Bush’s neocons have used this same naming technique to establish a conservative frame for each of the issues in its agenda. Progressives have cried foul, ridiculing but not (until now) using alternative names for these agenda items — names that are “just the right stretch from today’s conventional wisdom — distinctive, and far enough to do damage without not so far as to be immediately dismissed for lacking credibility (e,g, fascist)”. Let’s consider what some of those names might be. The ones suggested by Green are in italics:
We also need to take the initiative in naming some programs with similar progressive frames that have no conservative name at all, because they’re not on the conservative agenda. But as Lakoff points out, they might get on the agenda, or at least conservatives might have to acknowledge them, if progressives consistently hammered away at them, as Dennis Kucinich did during last year’s US campaign:
Green wants to use the ‘us progressive — them regressive’ frame for all the relabeling of the conservative agenda, but I’m not sure this would work — he may be too caught up in the progressive frame of thinking to realize that ‘going back to the old days’ is a good thing in the eyes of many conservatives and moderates with selective memories and nostalgia that grows with age. In fact, retro is fashionable. But Green’s heart is in the right place. If we start using the alternative names on the right side until they become common parlance, we could at least establish that the conservative agenda and framing are not the only intrinsically moral ones.

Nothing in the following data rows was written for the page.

Lemma descent_lemma L x h t : lipschitz_grad g L -> 0 <= t ->
  f (vadd x (vscal t h)) <= f x + t * dot (g x) h + L / 2 * t ^ 2 * vnorm h ^ 2.
Proof.
move=> lip_g t_ge0.
have [t_gt0 | <-] := Rle_lt_or_eq_dec 0 t t_ge0; last by rewrite vadd_line0; lra.
set a := dot (g x) h; set b := L / 2 * vnorm h ^ 2.
(* mean value theorem for phi(c) = f(x + c h) - a c - b c^2, whose derivative is <= 0 *)
have dphi c : 0 <= c <= t ->
  derivable_pt_lim ((fun c => f (vadd x (vscal c h))) - mult_real_fct a id
                    - mult_real_fct b (fun c => c ^ 2))%F c
    (dot (g (vadd x (vscal c h))) h - a * 1 - b * (INR 2 * c ^ Nat.pred 2)).
  move=> _; apply: derivable_pt_lim_minus; first apply: derivable_pt_lim_minus.
  - exact: derivable_pt_lim_line.
  - by apply: derivable_pt_lim_scal; apply: derivable_pt_lim_id.
  - by apply: derivable_pt_lim_scal; apply: derivable_pt_lim_pow.
have [c [mvt c_in]] := MVT_cor2 _ _ _ _ t_gt0 dphi.
move: mvt; rewrite /minus_fct /mult_real_fct /id vadd_line0 /=.
have gradient_growth : dot (g (vadd x (vscal c h))) h - a <= L * c * vnorm h ^ 2.
  rewrite /a -dotBl; apply: Rle_trans (dot_le_vnorm _ _) _.
  have := lip_g (vadd x (vscal c h)) x.
  have -> : vsub (vadd x (vscal c h)) x = vscal c h.
    by apply: functional_extensionality => i; rewrite /vsub /vadd /vscal; ring.
  rewrite vnormZ Rabs_right; last lra.
  have := vnorm_ge0 h; have := vnorm_ge0 (vsub (g (vadd x (vscal c h))) (g x)); nra.
rewrite /b; nra.
Qed.

End Gradient.

Lemma exact_model_decrease Qs D A : 0 <= A ->
  (forall l, 0 <= l <= 1 -> Qs <= l * D + l ^ 2 * A / 2) ->
  D + A / 2 <= Qs -> D <= - A.
Proof.
move=> A_ge0 model_le exact; apply: Rnot_lt_le => D_gt.
have := model_le 0 ltac:(lra); rewrite /= !Rmult_0_l => Qs_le0.
have A_gt0 : 0 < A by lra.
have l_in : 0 <= - D / A <= 1.
  split; first by apply: Rmult_le_pos; [lra | apply/Rlt_le/Rinv_0_lt_compat].
  by apply: (Rmult_le_reg_r A) => //; rewrite /Rdiv Rmult_assoc Rinv_l; lra.
have := model_le _ l_in.
have -> : - D / A * D + (- D / A) ^ 2 * A / 2 = - (D * D) / (2 * A) by field; lra.
move=> Qs_le.
have : (D + A) ^ 2 <= 0.
  have -> : (D + A) ^ 2 = 2 * A * (D + A / 2 + D * D / (2 * A)) by field; lra.
  have : D + A / 2 + D * D / (2 * A) <= 0 by rewrite /Rdiv Ropp_mult_distr_l in Qs_le; lra.
  nra.
nra.
Qed.

Lemma inexact_model_decrease Qs D A eta : 0 <= eta < 1 -> 0 <= A ->
  (forall l, 0 <= l <= 1 -> Qs <= l * D + l ^ 2 * A / 2) ->
  D + A / 2 <= (1 - eta) * Qs -> D <= - A / (1 + sqrt eta).
Proof.
move=> eta01 A_ge0 model_le inexact.
set s := sqrt eta.
have ss : s * s = eta by rewrite /s sqrt_sqrt; lra.
have [s_gt0 | s0] := Rle_lt_or_eq_dec 0 s (sqrt_pos eta); last first.
  rewrite -s0 Rplus_0_r Rdiv_1_r; rewrite -ss -s0 Rmult_0_l Rminus_0_r Rmult_1_l in inexact.
  exact: exact_model_decrease model_le inexact.
(* with l = 1/(1 + sqrt eta) the factor 1 - eta = (1 - s)(1 + s) cancels *)
have l_in : 0 <= / (1 + s) <= 1.
  split; first by apply/Rlt_le/Rinv_0_lt_compat; lra.
  by rewrite -Rinv_1; apply: Rinv_le_contravar; lra.
have := Rmult_le_compat_l (1 - eta) _ _ ltac:(lra) (model_le _ l_in).
have -> : (1 - eta) * (/ (1 + s) * D + (/ (1 + s)) ^ 2 * A / 2) =
          (1 - s) * D + (1 - s) * A / (2 * (1 + s)) by rewrite -ss; field; lra.
move=> Qs_le.
apply: (Rmult_le_reg_l s) => //.
have -> : s * (- A / (1 + s)) = (1 - s) * A / (2 * (1 + s)) - A / 2 by field; lra.
lra.
Qed.

Section InexactStep.
Context {n : nat} {f : vec n -> R} {g : vec n -> vec n} {psi : vec n -> ER}.
Context {L beta gamma eta sigma : R} {H : mat n} {x d : vec n} {p : R}.
Hypotheses (grad_f : is_gradient f g) (lip_g : lipschitz_grad g L) (L_gt0 : 0 < L).
Hypotheses (convex_psi : ext_convex psi) (psi_x : psi x = ERf p).
Hypotheses (beta01 : 0 < beta < 1) (gamma01 : 0 < gamma < 1) (eta01 : 0 <= eta < 1).
Hypothesis (quad_ge0 : forall v, 0 <= quad H v).

Lemma Qmodel_ERf {v : vec n} {q : R} : psi (vadd x v) = ERf q ->
  Qmodel g psi H x v = ERf (q - p + (dot (g x) v + / 2 * quad H v)).
Proof. by move=> psi_xv; rewrite /Qmodel /psidiff psi_x psi_xv. Qed.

The issue of course is, Who are we trying to impress? If it’s progressives, we’re preaching to the choir, though at least giving them some better words for the hymns. If it’s regressives, we might as well save our breath — all we’ll do is radicalize and inflame them to more extreme positions and more aggressive action to defend them. If it’s moderates, we need to acknowledge that most Americans consider themselves moderates and many of them resent being forced to take sides on issues, and dislike hyperbole from either side. And. like it or not, without hyperbole, confrontation, outrage and spin in political matters, there is often no passion at all, allowing the status quo to continue unabated.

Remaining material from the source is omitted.